Rainfall is rare in the UAE and elsewhere on the Arabian Peninsula, that is typically known for its dry desert climate. Summer air temperatures can soar above 50 degrees Celsius.

But the UAE and Oman also lack drainage systems to cope with heavy rains and submerged roads are not uncommon during rainfall.

Following Tuesday's events, questions were raised whether cloud seeding, a process that the UAE frequently conducts, could have caused the heavy rains.

Cloud seeding is a process in which chemicals are implanted into clouds to increase rainfall in an environment where water scarcity is a concern.

The UAE, located in one of the hottest and driest regions on earth, has been leading the effort to seed clouds and increase precipitation.

But the UAE's meteorology agency told Reuters there were no such operations before the storm.

What about climate change?

The huge rainfall was instead likely due to a normal weather system that was exacerbated by climate change, experts say.

A low pressure system in the upper atmosphere, coupled with low pressure at the surface had acted like a pressure 'squeeze' on the air, according to Esraa Alnaqbi, a senior forecaster at the UAE government's National Centre of Meteorology.

That squeeze, intensified by the contrast between warmer temperatures at ground level and colder temperatures higher up, created the conditions for the powerful thunderstorm, she said.

The "abnormal phenomenon" was not unexpected in April as when the season changes the pressure changes rapidly, she said, adding that climate change also likely contributed to the storm.

Climate scientists say that rising global temperatures, caused by human-led climate change, is leading to more extreme weather events around the world, including intense rainfall.

"Rainfall from thunderstorms, like the ones seen in UAE in recent days, sees a particular strong increase with warming.

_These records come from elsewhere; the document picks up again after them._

(* For every integer $l\ge0$ there is a constant $C_l$, depending only on $l,N,r,R$ (and the choice of $\varphi_1$), such that for all integers $k\ge0$ and all $n\in\mathbb{Z}^N$, $$\sum_{j\in\mathbb{Z},\ k\le\sqrt{j}<k+1}|(\Theta_j)_n|^2\le\frac{C_l}{(1+||n|-k|)^l}.$$
   Context: Let $N\ge2$ and $0<r<R\le\pi$. $T^N=(-\pi,\pi]^N$, and functions on $T^N$ are identified with $2\pi$-periodic functions on $\mathbb{R}^N$. Let $\varphi_1:[0,\infty)\to\mathbb{R}$ be a smooth function with $\chi_{(R-r)/3}\le\varphi_1\le\chi_{2(R-r)/3}$, where $\chi_b$ is the characteristic function of $[0,b]$. Put $\varphi_2=1-\varphi_1$, and let $\psi(x)=\varphi_2(|x|)$ for $x\in T^N$, extended $2\pi$-periodically in each variable. Let $\psi_m=(2\pi)^{-N}\int_{T^N}\psi(x)e^{-imx}dx$ be its Fourier coefficients. For $\lambda>0$, let $\theta(x,\lambda)=(2\pi)^{-N}\sum_{|m|^2<\lambda}e^{imx}$. For integers $k\ge0$, let $\theta_k(x)=\theta(x,k)\psi(x)$ and $\Theta_j=\theta_{j+1}-\theta_j$. Let $(\Theta_j)_n=(2\pi)^{-N}\int_{T^N}\Theta_j(x)e^{-inx}dx$; equivalently, $(\Theta_j)_n=(2\pi)^{-N}\sum_{m\in\mathbb{Z}^N,\,|n-m|^2=j}\psi_m$, which is $0$ if there is no such $m$. *)

From Stdlib Require Import Reals ZArith List ClassicalEpsilon.
Import ListNotations.
Open Scope R_scope.

Definition smooth_on (D : R -> Prop) (f : R -> R) : Prop :=
  exists F : nat -> R -> R,
    (forall x, F 0%nat x = f x) /\
    (forall (k : nat) (x : R), D x -> derivable_pt_lim (F k) x (F (S k) x)).

(** characteristic function of [0,b] (used for arguments t >= 0) *)
Definition chi (b t : R) : R := if Rle_dec t b then 1 else 0.

(** total Riemann integral: RiemannInt if integrable, 0 otherwise *)
Definition RInt_tot (f : R -> R) (a b : R) : R :=
  match excluded_middle_informative (exists pr : Riemann_integrable f a b, True) with
  | left H => RiemannInt (proj1_sig (constructive_indefinite_description _ H))
  | right _ => 0
  end.

(** iterated integral over the cube [-pi,pi]^n of f : R^n -> R
    (points of R^n are lists of length n) *)
Fixpoint integ_cube (n : nat) (f : list R -> R) : R :=
  match n with
  | O => f nil
  | S n' => RInt_tot (fun t => integ_cube n' (fun xs => f (t :: xs))) (- PI) PI
  end.

Definition euclid_norm (x : list R) : R :=
  sqrt (fold_right (fun a s => a * a + s) 0 x).
Definition euclid_normZ (m : list Z) : R := euclid_norm (map IZR m).
Definition dotZR (m : list Z) (x : list R) : R :=
  fold_right Rplus 0 (map (fun p => IZR (fst p) * snd p) (combine m x)).

(** lattice points of the box [-K,K]^N (without repetitions) *)
Fixpoint box (N K : nat) : list (list Z) :=
  match N with
  | O => [nil]
  | S N' => flat_map (fun z => map (cons z) (box N' K))
              (map (fun i => (Z.of_nat i - Z.of_nat K)%Z) (seq 0 (2 * K + 1)))
  end.

Definition sqnormZ (m : list Z) : Z := fold_right (fun a s => a * a + s)%Z 0%Z m.

(** {m in Z^N : |m|^2 < k}  (all such m lie in [-k,k]^N) *)
Definition ball (N k : nat) : list (list Z) :=
  filter (fun m => Z.ltb (sqnormZ m) (Z.of_nat k)) (box N k).

(** complex numbers as pairs (re, im) *)
Definition Cx := (R * R)%type.
Definition Cadd (z w : Cx) : Cx := (fst z + fst w, snd z + snd w).
Definition Csub (z w : Cx) : Cx := (fst z - fst w, snd z - snd w).
Definition Cmul (z w : Cx) : Cx :=
  (fst z * fst w - snd z * snd w, fst z * snd w + snd z * fst w).
Definition Cscal (a : R) (z : Cx) : Cx := (a * fst z, a * snd z).
Definition Cexpi (t : R) : Cx := (cos t, sin t).
Definition Cnorm2 (z : Cx) : R := fst z * fst z + snd z * snd z.
Definition Csum (l : list Cx) : Cx := fold_right Cadd (0, 0) l.

Definition theta (N k : nat) (x : list R) : Cx :=
  Cscal (/ (2 * PI) ^ N) (Csum (map (fun m => Cexpi (dotZR m x)) (ball N k))).

Definition psi (phi1 : R -> R) (x : list R) : R := 1 - phi1 (euclid_norm x).

Definition theta_k (N : nat) (phi1 : R -> R) (k : nat) (x : list R) : Cx :=
  Cscal (psi phi1 x) (theta N k x).
Definition Theta (N : nat) (phi1 : R -> R) (j : nat) (x : list R) : Cx :=
  Csub (theta_k N phi1 (S j) x) (theta_k N phi1 j x).

Definition Theta_coef (N : nat) (phi1 : R -> R) (j : nat) (n : list Z) : Cx :=
  let g := fun x => Cmul (Theta N phi1 j x) (Cexpi (- dotZR n x)) in
  Cscal (/ (2 * PI) ^ N)
    (integ_cube N (fun x => fst (g x)), integ_cube N (fun x => snd (g x))).

(** the integers j (necessarily >= 0) with k <= sqrt j < k+1;
    all of them are < (k+1)^2 *)
Definition shell (k : nat) : list nat :=
  filter (fun j => if Rle_dec (INR k) (sqrt (INR j)) then
                     if Rlt_dec (sqrt (INR j)) (INR k + 1) then true else false
                   else false)
         (seq 0 ((k + 1) * (k + 1))).

Definition Rsum (l : list R) : R := fold_right Rplus 0 l.

(* The Fourier coefficient (Theta_j)_n is (2 pi)^-N times the sum, over the lattice points m with
   |m|^2 = j, of the Fourier coefficients of psi at n - m.  Since psi = 1 - phi1 (|x|) and
   phi1 (|x|) is smooth with support inside the open cube, those coefficients decay faster than
   any power of 1 + |m - n|_oo: for h = pi / p_i, translating by h in the i-th coordinate flips the
   sign of e^{ipx}, so the integral is half that of the finite difference Delta_h, and L such steps
   give a factor (|h| / 2)^L times a bound for the L-th derivative of phi1 (|x|) along coordinate
   lines.  For k <= |m| < k + 1 we have 1 + ||n| - k| <= (N + 2) (1 + |m - n|_oo), and
   sum_m (1 + |m - n|_oo)^-2N is bounded independently of n; summing over the shell and using
   sum_j a_j^2 <= (sum_j a_j)^2 gives the estimate. *)

From Stdlib Require Import Reals ZArith List Lra Lia Psatz ClassicalEpsilon FunctionalExtensionality.
From Coquelicot Require Import Coquelicot.
Import ListNotations.
Open Scope R_scope.

(** * Lipschitz functions and the iterated integral *)

Lemma RInt_tot_RInt f a b : ex_RInt f a b -> RInt_tot f a b = RInt f a b.
Proof.
  intros H. unfold RInt_tot. destruct excluded_middle_informative as [e|n].
  - destruct (constructive_indefinite_description _ e) as [pr Hpr]. simpl.
    symmetry. apply RInt_Reals.
  - exfalso. apply n. exists (ex_RInt_Reals_0 _ _ _ H). exact I.
Qed.

Lemma two_PI_pos : 0 < 2 * PI.
Proof. pose proof PI_RGT_0. lra. Qed.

This is because convection, which is the strong updraft in thunderstorms, strengthens in a warmer world," said Dim Coumou, a professor in climate extremes at Vrije Universiteit Amsterdam.

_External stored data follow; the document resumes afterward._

(* Let $G(x)=\sum_{T\in\mathcal T} w(T)$ be the generating function of Smirnov trees, a formal power series in $x_1,x_2,\dots$ with coefficients in $\mathbb Z[\bar\rho,\rho,\bar\lambda,\lambda]$. Then $$G(x)=\sum_{n\ge1}\sum_{w\in\mathcal W_n} s^{\operatorname{asc} w}\,t^{\operatorname{des} w}\,x_w,$$ where $s=\bar\rho\,\bar\lambda\,G(x)+\bar\rho+\bar\lambda$ and $t=\rho\,\lambda\,G(x)+\rho+\lambda$.
   Context: A word $w=w_1\cdots w_n$ over $\mathbb N=\{1,2,\dots\}$ is a Smirnov word of length $n$ if $w_i\ne w_{i+1}$ for $i=1,\dots,n-1$; $\mathcal W_n$ is the set of Smirnov words of length $n$, $x_w=x_{w_1}\cdots x_{w_n}$, $\operatorname{asc} w=|\{i: w_i<w_{i+1}\}|$, $\operatorname{des} w=|\{i:w_i>w_{i+1}\}|$. Trees are labeled rooted binary trees (each child is a left or a right child, at most one of each) with labels in $\mathbb N$ and at least one node. A Smirnov tree is such a tree where: whenever a left child has the same label $i$ as its parent, the parent also has a right child with label $<i$; and whenever a right child has the same label $i$ as its parent, the parent also has a left child with label $>i$. $\mathcal T$ is the set of Smirnov trees. Weights: $\rho,\bar\rho,\lambda,\bar\lambda$ are commuting indeterminates. An edge from a parent with label $a$ to its right child with label $b$ has weight $\bar\rho$ if $a\le b$ and $\rho$ if $a>b$. An edge between a left child with label $a$ and its parent with label $b$ has weight $\bar\lambda$ if $a\le b$ and $\lambda$ if $a>b$. A node with label $a$ has weight $x_a$. The weight $w(T)$ is the product of the weights of all edges and nodes of $T$. *)

From HB Require Import structures.
From mathcomp Require Import all_boot all_order all_algebra.
From mathcomp Require Import mpoly.
Set Implicit Arguments. Unset Strict Implicit. Unset Printing Implicit Defensive.
Import Order.TTheory GRing.Theory.
Local Open Scope ring_scope.

Definition Coef := {mpoly int[4]}.
Definition rhob : Coef := 'X_(0 : 'I_4).
Definition rho  : Coef := 'X_(1 : 'I_4).
Definition lamb : Coef := 'X_(2 : 'I_4).
Definition lam  : Coef := 'X_(3 : 'I_4).

(* Polynomials in the variables x_1..x_N (variable i : 'I_N stands for x_(i+1)),
   with coefficients in Coef.  Labels in {1..N} are represented by 'I_N, with
   the order of N transported via val. *)
Definition Ser (N : nat) := {mpoly Coef[N]}.

(* Labeled binary trees, possibly empty (BLeaf = empty tree); a tree in the
   paper's sense is a BNode. *)
Inductive btree (T : Type) :=
| BLeaf
| BNode of btree T & T & btree T.
Arguments BLeaf {T}.

Fixpoint bsize T (t : btree T) : nat :=
  match t with BLeaf => 0%N | BNode l _ r => (bsize l + bsize r).+1 end.

Definition broot T (t : btree T) : option T :=
  if t is BNode _ a _ then Some a else None.

Fixpoint smirnov_nodes N (t : btree 'I_N) : bool :=
  match t with
  | BLeaf => true
  | BNode l a r =>
      [&& (if broot l is Some b then
             (val b == val a) ==>
             (if broot r is Some c then (val c < val a)%N else false)
           else true),
          (if broot r is Some b then
             (val b == val a) ==>
             (if broot l is Some c then (val c > val a)%N else false)
           else true),
          smirnov_nodes l & smirnov_nodes r]
  end.

Definition smirnov_tree N (t : btree 'I_N) : bool :=
  (bsize t > 0)%N && smirnov_nodes t.

Fixpoint tweight N (t : btree 'I_N) : Ser N :=
  match t with
  | BLeaf => 1
  | BNode l a r =>
      'X_a *
      (if l is BNode _ c _ then
         (if (val c <= val a)%N then lamb else lam)%:MP * tweight l else 1) *
      (if r is BNode _ c _ then
         (if (val a <= val c)%N then rhob else rho)%:MP * tweight r else 1)
  end.

(* all trees of height <= d with labels in 'I_N, each listed exactly once *)
Fixpoint trees_upto N (d : nat) : seq (btree 'I_N) :=
  match d with
  | 0 => [:: BLeaf]
  | d'.+1 => BLeaf :: flatten [seq flatten [seq [seq BNode l a r | r <- trees_upto N d']
                                           | a <- enum 'I_N]
                             | l <- trees_upto N d']
  end.

(* G restricted to labels in {1..N} and trees with at most D nodes *)
Definition Gtrunc N D : Ser N :=
  \sum_(t <- trees_upto N D | (bsize t <= D)%N && smirnov_tree t) tweight t.

Definition trunc N D (p : Ser N) : Ser N :=
  \sum_(m <- msupp p | (mdeg m <= D)%N) p@_m *: 'X_[m].

Definition adjpairs T (w : seq T) := zip w (behead w).
Definition smirnov_word N (w : seq 'I_N) : bool :=
  all (fun p => val p.1 != val p.2) (adjpairs w).
Definition asc N (w : seq 'I_N) : nat :=
  count (fun p => (val p.1 < val p.2)%N) (adjpairs w).
Definition des N (w : seq 'I_N) : nat :=
  count (fun p => (val p.1 > val p.2)%N) (adjpairs w).
Definition xw N (w : seq 'I_N) : Ser N := \prod_(i <- w) 'X_i.

(* Sort Smirnov trees by the label a of their root: G = sum_a G_a, and put
   P_a = sum_(b < a) G_b and Q_a = sum_(b > a) G_b.  Splitting a tree at its
   root gives the recursion
     G_a = x_a ((1 + lamb P_a + lam Q_a) (1 + rho P_a + rhob Q_a)
                + lamb rho G_a P_a + lam rhob Q_a G_a),
   where the last two terms account for a child labelled a itself.  The sums
   W_a of the weights of the Smirnov words starting with a are the unique
   solution of
     W_a = x_a (1 + s sum_(b > a) W_b + t sum_(b < a) W_b).
   The Moebius map phi(u) = (1 + lamb G) u / (1 + lam G + (lamb - lam) u)
   fixes 0 and G, and turns the tree recursion into the word recursion for the
   increments phi(P_a + G_a) - phi(P_a).  Hence these increments are the W_a,
   and their telescoping sum phi(G) = G is the sum of all word weights.
   Everything is computed modulo monomials of degree > D, where 1 + g with g of
   positive order is inverted by a truncated geometric series. *)

From HB Require Import structures.
From mathcomp Require Import all_boot all_order all_algebra.
From mathcomp Require Import mpoly ring zify.
Set Implicit Arguments. Unset Strict Implicit. Unset Printing Implicit Defensive.
Import GRing.Theory.
Local Open Scope ring_scope.

Section MonomialOrder.
Variables (R : nzRingType) (n : nat).
Implicit Types (p q g h : {mpoly R[n]}) (j k : nat).

Definition morder_ge k p := all (fun m => k <= mdeg m)%N (msupp p).

Lemma morder_geP k p :
  reflect (forall m, (mdeg m < k)%N -> p@_m = 0) (morder_ge k p).
Proof.
apply: (iffP allP) => [hp m hm | hp m]; last first.
  by rewrite mcoeff_msupp leqNgt; apply: contra => /hp ->.
by apply/eqP; apply: contraTT hm; rewrite -mcoeff_msupp -leqNgt => /hp.
Qed.

Lemma morder_ge0 p : morder_ge 0 p.
Proof. exact/morder_geP. Qed.

Lemma morder_ge_poly0 k : morder_ge k 0.
Proof. by apply/morder_geP => m _; rewrite mcoeff0. Qed.

Lemma morder_ge_le j k p : (j <= k)%N -> morder_ge k p -> morder_ge j p.
Proof.
by move=> jk /morder_geP hp; apply/morder_geP => m hm; apply/hp/(leq_trans hm).
Qed.

Lemma morder_geD k p q : morder_ge k p -> morder_ge k q -> morder_ge k (p + q).
Proof.
move=> /morder_geP hp /morder_geP hq; apply/morder_geP => m hm.
by rewrite mcoeffD hp ?hq ?addr0.
Qed.

Lemma morder_geN k p : morder_ge k p -> morder_ge k (- p).
Proof.
by move=> /morder_geP hp; apply/morder_geP => m hm; rewrite mcoeffN hp ?oppr0.
Qed.

Lemma morder_geB k p q : morder_ge k p -> morder_ge k q -> morder_ge k (p - q).
Proof. by move=> hp /morder_geN; apply: morder_geD. Qed.

Lemma morder_ge_sum k I (r : seq I) (P : pred I) (F : I -> {mpoly R[n]}) :
  (forall i, P i -> morder_ge k (F i)) -> morder_ge k (\sum_(i <- r | P i) F i).
Proof.
move=> hF; elim/big_rec: _ => [|i q Pi hq]; first exact: morder_ge_poly0.
exact: morder_geD (hF i Pi) hq.
Qed.

Lemma morder_geM j k p q :
  morder_ge j p -> morder_ge k q -> morder_ge (j + k) (p * q).
Proof.
move=> /morder_geP hp /morder_geP hq; apply/morder_geP => m hm.
rewrite mcoeffM big1 // => -[m1 m2] /= /eqP def_m.
have : (mdeg m1 + mdeg m2 < j + k)%N by rewrite -mdegD -def_m.
case: (ltnP (mdeg m1) j) => [h1 _ | h1 h12]; first by rewrite hp ?mul0r.
by rewrite hq ?mulr0 //; lia.
Qed.

Lemma morder_geMl k g p : morder_ge k p -> morder_ge k (g * p).
Proof. exact: morder_geM (morder_ge0 g). Qed.

Lemma morder_geMr k g p : morder_ge k p -> morder_ge k (p * g).
Proof. by move=> /morder_geM /(_ (morder_ge0 g)); rewrite addn0. Qed.

Lemma morder_geX (i : 'I_n) : morder_ge 1 'X_i.
Proof.
apply/morder_geP => m; rewrite ltnS leqn0 mdeg_eq0 => /eqP->.
by rewrite mcoeffX mnm1_eq0.
Qed.

Lemma morder_ge_exp k p e : morder_ge k p -> morder_ge (k * e) (p ^+ e).
Proof.
move=> hp; elim: e => [|e IHe]; first by rewrite muln0; apply: morder_ge0.
by rewrite exprS mulnS; apply: morder_geM.
Qed.

Lemma morder_ge_prodX (w : seq 'I_n) : morder_ge (size w) (\prod_(i <- w) 'X_i).
Proof.
elim: w => [|i w IHw]; first exact: morder_ge0.
by rewrite big_cons; apply: morder_geM (morder_geX i) IHw.
Qed.

Lemma morder_ge_cancel k g h :
  morder_ge 1 g -> morder_ge k ((1 + g) * h) -> morder_ge k h.
Proof.
move=> hg hgh; elim: k => [|k IHk] in hgh *; first exact: morder_ge0.
have hk : morder_ge k h by apply/IHk/(morder_ge_le _ hgh).
have -> : h = (1 + g) * h - g * h by rewrite mulrDl mul1r addrK.
exact: morder_geB hgh (morder_geM hg hk).
Qed.

Definition geom_inv k g := \sum_(i < k.+1) (- g) ^+ i.

Lemma geom_invP k g : morder_ge 1 g -> morder_ge k.+1 ((1 + g) * geom_inv k g - 1).
Proof.
move=> hg; have -> : (1 + g) * geom_inv k g - 1 = - (- g) ^+ k.+1.
  rewrite /geom_inv -[(1 + g) * _]opprK -mulNr opprD [-1 - g]addrC -subrX1.
  by rewrite opprB addrAC subrr add0r.
by apply: morder_geN; have := morder_ge_exp k.+1 (morder_geN hg); rewrite mul1n.
Qed.

End MonomialOrder.

Arguments morder_ge_poly0 {R n} k.
Arguments morder_geX {R n} i.
Arguments morder_ge_prodX {R n} w.

Lemma mcoeff_trunc N D (p : Ser N) m :
  (trunc D p)@_m = if (mdeg m <= D)%N then p@_m else 0.
Proof.
rewrite /trunc raddf_sum /=.
under eq_bigr => m' _ do rewrite mcoeffZ mcoeffX.
rewrite big_mkcond /=; have [pm | pm0] := boolP (m \in msupp p).
  rewrite (bigD1_seq m) ?msupp_uniq //= eqxx mulr1 big1 ?addr0; first by case: ifP.
  by move=> m' /negbTE m'm; case: ifP => // _; rewrite m'm mulr0.
rewrite (memN_msupp_eq0 pm0) if_same big1_seq // => m' /andP [_ pm'].
case: ifP => // _; case: eqP => [def_m | _]; last by rewrite mulr0.
by rewrite -def_m pm' in pm0.
Qed.

Lemma trunc_eq N D (p q : Ser N) : morder_ge D.+1 (p - q) -> trunc D p = trunc D q.
Proof.
move=> hpq; apply/mpolyP => m; rewrite !mcoeff_trunc; case: ifP => // hm.
by apply/eqP; rewrite -subr_eq0 -mcoeffB (morder_geP _ _ hpq).
Qed.

Section Moebius.
Variables (R : comNzRingType) (n D : nat) (rb rr lb ll G : {mpoly R[n]}).
Hypothesis G_order : morder_ge 1 G.

Local Notation s := (rb * lb * G + rb + lb).
Local Notation t := (rr * ll * G + rr + ll).

Definition moebius u := (1 + lb * G) * u * geom_inv D (ll * G + (lb - ll) * u).

Lemma moebius0 : moebius 0 = 0.
Proof. by rewrite /moebius mulr0 mul0r. Qed.

Lemma moebiusG : morder_ge D.+1 (moebius G - G).
Proof.
have -> : moebius G - G = G * ((1 + lb * G) * geom_inv D (lb * G) - 1).
  by rewrite /moebius (_ : ll * G + (lb - ll) * G = lb * G); ring.
by apply/morder_geMl/geom_invP/morder_geMl.
Qed.

Lemma moebius_step x P Ga :
  morder_ge 1 x -> morder_ge 1 P -> morder_ge 1 Ga ->
  let Q := G - (P + Ga) in
  morder_ge D.+1 (Ga - x * ((1 + lb * P + ll * Q) * (1 + rr * P + rb * Q)
                            + lb * Ga * (rr * P) + ll * Q * (rb * Ga))) ->
  morder_ge D.+1 (moebius (P + Ga) - moebius P
                  - x * (1 + s * (G - moebius (P + Ga)) + t * moebius P)).
Proof.
move=> hx hP hGa Q hH.
have g_order u : morder_ge 1 u -> morder_ge 1 (ll * G + (lb - ll) * u).
  by move=> hu; apply: morder_geD; apply: morder_geMl.
set H := (X in morder_ge _ X) in hH; set E := (X in morder_ge _ X).
set P' := P + Ga.
set g := ll * G + (lb - ll) * P; set g' := ll * G + (lb - ll) * P'.
set I := geom_inv D g; set I' := geom_inv D g'.
set F := x * (ll + rb + ll * rb * G) + x * ((lb - ll) * (rb - rr)) * P.
have hF : morder_ge 1 F by apply: morder_geD; do !apply: morder_geMr.
set K := 1 + lb * G; set A := 1 + x * s; set B := - (1 + x * t).
set C := - (x * (1 + s * G)).
set c := (1 + g) * A * K + (lb - ll) * B * K * P + (lb - ll) * C * (1 + g).
(* Clearing the denominators [1 + g], [1 + g'] and the unit [1 + F] turns the
   claim into [c] times the tree recursion, up to the errors of the two
   truncated geometric series. *)
have key : (1 + F) * ((1 + g') * ((1 + g) * E)) =
    (1 + F) * ((1 + g) * A * K * P' * ((1 + g') * I' - 1)
               + (1 + g') * B * K * P * ((1 + g) * I - 1)) + c * H.
  by rewrite /c /C /B /A /K /F /E /H /Q /moebius /I' /I /g' /g /P'; ring.
have hg := g_order P hP; have hg' := g_order P' (morder_geD hP hGa).
apply: (morder_ge_cancel hg); apply: (morder_ge_cancel hg').
apply: (morder_ge_cancel hF).
rewrite key; apply: morder_geD (morder_geMl _ hH); apply: morder_geMl.
by apply: morder_geD; apply: morder_geMl; apply: geom_invP.
Qed.

End Moebius.

Section Trees.
Variable N : nat.
Local Notation S := {mpoly Coef[N]}.
Local Notation tree := (btree 'I_N).
Local Notation T := (trees_upto N).
Local Notation lb := (lamb%:MP : S).
Local Notation ll := (lam%:MP : S).
Local Notation rb := (rhob%:MP : S).
Local Notation rr := (rho%:MP : S).
Implicit Types (a b c : 'I_N) (l r t : tree) (F : tree -> S).

(* Keeps the weights of concrete subtrees folded when [/=] exposes their roots. *)
Local Arguments tweight : simpl never.

Lemma big_trees_uptoS d F :
  \sum_(t <- T d.+1) F t =
  F BLeaf + \sum_(l <- T d) \sum_(a < N) \sum_(r <- T d) F (BNode l a r).
Proof.
rewrite /= big_cons big_flatten /= big_map; congr (_ + _).
apply: eq_bigr => l _; rewrite big_flatten /= big_map big_enum /=.
by apply: eq_bigr => a _; rewrite big_map.
Qed.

Cannot create clouds from nothing

Friederike Otto, a senior lecturer in climate science at Imperial College London, said rainfall was becoming much heavier around the world as the climate warms because a warmer atmosphere can hold more moisture. It was misleading to talk about cloud seeding as the cause of the heavy rainfall, she said.

"Cloud seeding can’t create clouds from nothing. It encourages water that is already in the sky to condense faster and drop water in certain places. So first, you need moisture. Without it, there’d be no clouds," she said.

Global warming has resulted in "extraordinarily" warm water in the seas around Dubai, where there is also very warm air above, said Mark Howden, Director at the Australian National University's Institute for Climate, Energy & Disaster Solutions.

"This increases both potential evaporation rates and the capacity of the atmosphere to hold that water, allowing bigger dumps of rainfall such as what we have just seen in Dubai."

Gabi Hegerl, a climatologist at Edinburgh University, said that extreme rainfall, like in the UAE and Oman, was likely to get worse in many places due to the effects of climate change.

When conditions are perfect for really heavy rain, there's more moisture in the air, so it rains harder. This extra moisture is because the air is warmer, which is because of human-caused climate change, she said.